## What this task involves
Which lines in the material below contain the word "Printing"? Copy each of them.

## Supplied information

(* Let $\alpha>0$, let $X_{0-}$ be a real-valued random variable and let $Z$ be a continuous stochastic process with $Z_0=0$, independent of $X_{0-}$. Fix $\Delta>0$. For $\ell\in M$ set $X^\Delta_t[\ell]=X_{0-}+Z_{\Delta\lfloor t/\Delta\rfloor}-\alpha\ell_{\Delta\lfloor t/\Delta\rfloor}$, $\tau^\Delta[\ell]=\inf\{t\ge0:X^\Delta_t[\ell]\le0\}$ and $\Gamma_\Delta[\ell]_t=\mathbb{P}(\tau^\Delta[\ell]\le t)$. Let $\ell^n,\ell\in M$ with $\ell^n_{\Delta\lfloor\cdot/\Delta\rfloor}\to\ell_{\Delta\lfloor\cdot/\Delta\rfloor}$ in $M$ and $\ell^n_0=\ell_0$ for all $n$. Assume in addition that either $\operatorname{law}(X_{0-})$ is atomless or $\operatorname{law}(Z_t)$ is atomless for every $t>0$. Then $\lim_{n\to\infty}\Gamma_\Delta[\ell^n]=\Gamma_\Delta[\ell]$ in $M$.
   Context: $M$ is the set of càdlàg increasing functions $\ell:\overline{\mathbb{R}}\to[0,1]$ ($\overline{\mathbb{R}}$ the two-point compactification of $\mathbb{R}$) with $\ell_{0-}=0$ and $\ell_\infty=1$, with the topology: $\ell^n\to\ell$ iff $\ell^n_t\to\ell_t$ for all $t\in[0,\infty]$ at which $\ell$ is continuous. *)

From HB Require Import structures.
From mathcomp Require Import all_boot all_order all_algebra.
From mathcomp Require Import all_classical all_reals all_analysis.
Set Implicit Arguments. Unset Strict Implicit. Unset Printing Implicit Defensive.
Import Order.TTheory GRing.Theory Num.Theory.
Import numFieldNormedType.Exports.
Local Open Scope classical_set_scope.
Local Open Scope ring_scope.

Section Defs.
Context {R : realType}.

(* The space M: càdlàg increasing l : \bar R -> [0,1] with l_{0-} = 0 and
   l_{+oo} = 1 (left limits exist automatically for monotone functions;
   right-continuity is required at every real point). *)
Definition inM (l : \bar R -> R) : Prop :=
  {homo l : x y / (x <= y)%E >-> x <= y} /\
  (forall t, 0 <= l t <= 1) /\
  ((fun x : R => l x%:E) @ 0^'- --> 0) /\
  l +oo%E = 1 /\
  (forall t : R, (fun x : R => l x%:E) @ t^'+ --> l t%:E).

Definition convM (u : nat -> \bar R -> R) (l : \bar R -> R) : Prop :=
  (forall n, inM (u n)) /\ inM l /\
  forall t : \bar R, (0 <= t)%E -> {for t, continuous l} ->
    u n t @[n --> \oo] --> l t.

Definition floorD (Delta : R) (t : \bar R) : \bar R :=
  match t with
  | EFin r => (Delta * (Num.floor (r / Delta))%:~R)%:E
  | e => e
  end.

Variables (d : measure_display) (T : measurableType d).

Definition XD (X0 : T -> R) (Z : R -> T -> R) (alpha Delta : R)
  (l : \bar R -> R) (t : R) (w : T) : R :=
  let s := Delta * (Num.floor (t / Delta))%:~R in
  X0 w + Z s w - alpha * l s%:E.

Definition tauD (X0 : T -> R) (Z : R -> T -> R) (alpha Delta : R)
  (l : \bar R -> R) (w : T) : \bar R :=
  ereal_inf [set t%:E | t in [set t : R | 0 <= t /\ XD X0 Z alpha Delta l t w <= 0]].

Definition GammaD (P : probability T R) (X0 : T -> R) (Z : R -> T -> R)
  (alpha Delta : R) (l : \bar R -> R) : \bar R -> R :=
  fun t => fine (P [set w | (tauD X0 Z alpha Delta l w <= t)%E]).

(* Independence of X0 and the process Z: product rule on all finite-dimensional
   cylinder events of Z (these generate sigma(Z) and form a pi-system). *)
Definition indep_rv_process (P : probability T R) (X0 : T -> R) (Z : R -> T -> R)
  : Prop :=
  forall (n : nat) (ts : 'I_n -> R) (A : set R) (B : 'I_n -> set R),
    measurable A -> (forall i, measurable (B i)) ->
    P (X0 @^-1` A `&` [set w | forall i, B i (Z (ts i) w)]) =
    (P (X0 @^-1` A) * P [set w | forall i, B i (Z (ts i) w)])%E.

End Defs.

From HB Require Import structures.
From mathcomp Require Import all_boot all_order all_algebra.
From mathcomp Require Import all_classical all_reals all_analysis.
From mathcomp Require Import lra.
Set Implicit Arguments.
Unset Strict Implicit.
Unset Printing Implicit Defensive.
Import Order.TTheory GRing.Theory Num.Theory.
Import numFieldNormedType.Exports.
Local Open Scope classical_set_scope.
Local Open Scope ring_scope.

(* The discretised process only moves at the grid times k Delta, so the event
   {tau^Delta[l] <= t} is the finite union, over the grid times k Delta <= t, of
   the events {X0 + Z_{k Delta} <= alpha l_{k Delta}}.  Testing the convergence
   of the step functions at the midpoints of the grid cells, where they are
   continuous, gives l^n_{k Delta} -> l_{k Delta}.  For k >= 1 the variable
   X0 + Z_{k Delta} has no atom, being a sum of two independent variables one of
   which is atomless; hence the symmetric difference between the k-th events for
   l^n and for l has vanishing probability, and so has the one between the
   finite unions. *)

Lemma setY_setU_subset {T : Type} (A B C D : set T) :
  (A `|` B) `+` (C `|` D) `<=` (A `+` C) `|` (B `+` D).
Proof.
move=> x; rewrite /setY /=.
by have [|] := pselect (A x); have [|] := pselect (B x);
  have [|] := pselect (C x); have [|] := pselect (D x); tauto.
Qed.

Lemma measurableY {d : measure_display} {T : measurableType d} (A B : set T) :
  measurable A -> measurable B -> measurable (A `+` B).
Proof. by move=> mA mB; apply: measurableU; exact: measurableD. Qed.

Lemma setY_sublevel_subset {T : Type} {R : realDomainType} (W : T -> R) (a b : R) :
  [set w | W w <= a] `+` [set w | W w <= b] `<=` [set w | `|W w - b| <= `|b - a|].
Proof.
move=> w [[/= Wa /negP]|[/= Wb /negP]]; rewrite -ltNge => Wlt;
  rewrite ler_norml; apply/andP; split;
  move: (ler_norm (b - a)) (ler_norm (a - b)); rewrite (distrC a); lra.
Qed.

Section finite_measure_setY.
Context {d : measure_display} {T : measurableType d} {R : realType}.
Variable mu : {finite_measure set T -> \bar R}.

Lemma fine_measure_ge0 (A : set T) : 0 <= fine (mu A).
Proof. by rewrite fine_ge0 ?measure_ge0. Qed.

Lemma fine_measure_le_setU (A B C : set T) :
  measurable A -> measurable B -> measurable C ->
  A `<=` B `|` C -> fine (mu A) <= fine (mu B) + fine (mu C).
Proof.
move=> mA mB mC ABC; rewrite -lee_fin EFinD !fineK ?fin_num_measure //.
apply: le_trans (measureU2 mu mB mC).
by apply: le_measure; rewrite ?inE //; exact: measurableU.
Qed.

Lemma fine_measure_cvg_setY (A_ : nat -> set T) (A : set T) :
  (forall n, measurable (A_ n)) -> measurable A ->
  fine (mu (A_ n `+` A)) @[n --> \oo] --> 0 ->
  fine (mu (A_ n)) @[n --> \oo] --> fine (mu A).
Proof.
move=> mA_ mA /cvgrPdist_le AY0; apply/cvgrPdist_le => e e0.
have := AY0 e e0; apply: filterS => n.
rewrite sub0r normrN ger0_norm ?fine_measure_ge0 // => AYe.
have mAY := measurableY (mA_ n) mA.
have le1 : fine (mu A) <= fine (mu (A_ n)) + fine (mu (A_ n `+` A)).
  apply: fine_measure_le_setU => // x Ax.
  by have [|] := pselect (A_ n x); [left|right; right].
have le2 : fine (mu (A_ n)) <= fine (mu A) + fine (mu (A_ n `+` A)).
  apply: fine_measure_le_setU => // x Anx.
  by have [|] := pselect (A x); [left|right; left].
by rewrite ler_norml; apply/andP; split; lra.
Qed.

--

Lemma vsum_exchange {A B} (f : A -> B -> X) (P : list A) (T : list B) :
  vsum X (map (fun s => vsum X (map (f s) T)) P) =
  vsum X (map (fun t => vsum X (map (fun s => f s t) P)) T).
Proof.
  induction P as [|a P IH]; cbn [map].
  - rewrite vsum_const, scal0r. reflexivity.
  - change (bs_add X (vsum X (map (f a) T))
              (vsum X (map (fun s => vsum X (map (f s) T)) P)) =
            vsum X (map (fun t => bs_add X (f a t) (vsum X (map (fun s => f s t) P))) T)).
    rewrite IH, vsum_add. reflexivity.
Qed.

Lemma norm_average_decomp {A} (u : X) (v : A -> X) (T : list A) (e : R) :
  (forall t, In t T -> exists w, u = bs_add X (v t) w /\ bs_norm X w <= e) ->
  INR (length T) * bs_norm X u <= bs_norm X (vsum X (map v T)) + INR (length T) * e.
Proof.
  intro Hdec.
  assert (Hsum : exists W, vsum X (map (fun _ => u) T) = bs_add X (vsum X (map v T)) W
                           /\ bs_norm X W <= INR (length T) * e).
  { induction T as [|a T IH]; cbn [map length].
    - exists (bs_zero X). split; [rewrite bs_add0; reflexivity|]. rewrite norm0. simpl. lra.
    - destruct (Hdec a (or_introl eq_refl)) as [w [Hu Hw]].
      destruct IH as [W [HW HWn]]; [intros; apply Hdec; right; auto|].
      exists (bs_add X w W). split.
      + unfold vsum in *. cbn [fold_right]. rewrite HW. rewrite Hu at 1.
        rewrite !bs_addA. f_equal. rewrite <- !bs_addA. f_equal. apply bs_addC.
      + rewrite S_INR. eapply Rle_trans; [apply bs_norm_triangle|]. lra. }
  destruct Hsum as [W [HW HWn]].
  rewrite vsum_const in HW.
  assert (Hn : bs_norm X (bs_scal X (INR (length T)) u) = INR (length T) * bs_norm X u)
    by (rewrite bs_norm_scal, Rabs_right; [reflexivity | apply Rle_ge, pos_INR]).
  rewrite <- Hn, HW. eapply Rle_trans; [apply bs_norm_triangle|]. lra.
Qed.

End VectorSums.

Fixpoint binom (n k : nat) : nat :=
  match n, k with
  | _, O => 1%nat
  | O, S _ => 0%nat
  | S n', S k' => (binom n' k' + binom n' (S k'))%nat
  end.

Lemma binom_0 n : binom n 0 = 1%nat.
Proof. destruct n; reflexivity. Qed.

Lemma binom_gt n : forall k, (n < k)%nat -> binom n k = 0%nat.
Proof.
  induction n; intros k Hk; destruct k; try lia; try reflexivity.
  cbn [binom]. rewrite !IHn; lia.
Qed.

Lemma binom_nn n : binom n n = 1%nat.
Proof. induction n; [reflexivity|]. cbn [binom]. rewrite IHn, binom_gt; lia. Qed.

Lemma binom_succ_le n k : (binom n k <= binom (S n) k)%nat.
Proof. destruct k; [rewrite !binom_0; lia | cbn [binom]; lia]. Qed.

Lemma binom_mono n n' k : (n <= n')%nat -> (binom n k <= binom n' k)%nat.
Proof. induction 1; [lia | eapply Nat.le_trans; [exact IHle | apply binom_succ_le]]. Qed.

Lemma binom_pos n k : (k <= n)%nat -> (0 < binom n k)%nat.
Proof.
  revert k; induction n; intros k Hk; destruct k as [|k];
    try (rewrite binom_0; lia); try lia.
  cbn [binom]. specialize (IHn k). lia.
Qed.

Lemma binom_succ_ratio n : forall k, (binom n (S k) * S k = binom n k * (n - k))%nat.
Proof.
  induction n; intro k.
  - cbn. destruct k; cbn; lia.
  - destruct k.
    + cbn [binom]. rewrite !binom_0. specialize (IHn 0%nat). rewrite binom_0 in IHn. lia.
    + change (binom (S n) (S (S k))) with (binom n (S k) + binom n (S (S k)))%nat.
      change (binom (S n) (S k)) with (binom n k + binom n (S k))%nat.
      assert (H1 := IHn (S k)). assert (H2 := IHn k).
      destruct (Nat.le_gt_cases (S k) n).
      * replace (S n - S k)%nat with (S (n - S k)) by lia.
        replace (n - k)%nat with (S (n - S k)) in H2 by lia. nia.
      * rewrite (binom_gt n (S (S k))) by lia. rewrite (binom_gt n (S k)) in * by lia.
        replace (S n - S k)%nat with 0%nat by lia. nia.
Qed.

## Answer to the problem
Set Implicit Arguments. Unset Strict Implicit. Unset Printing Implicit Defensive.
Unset Printing Implicit Defensive.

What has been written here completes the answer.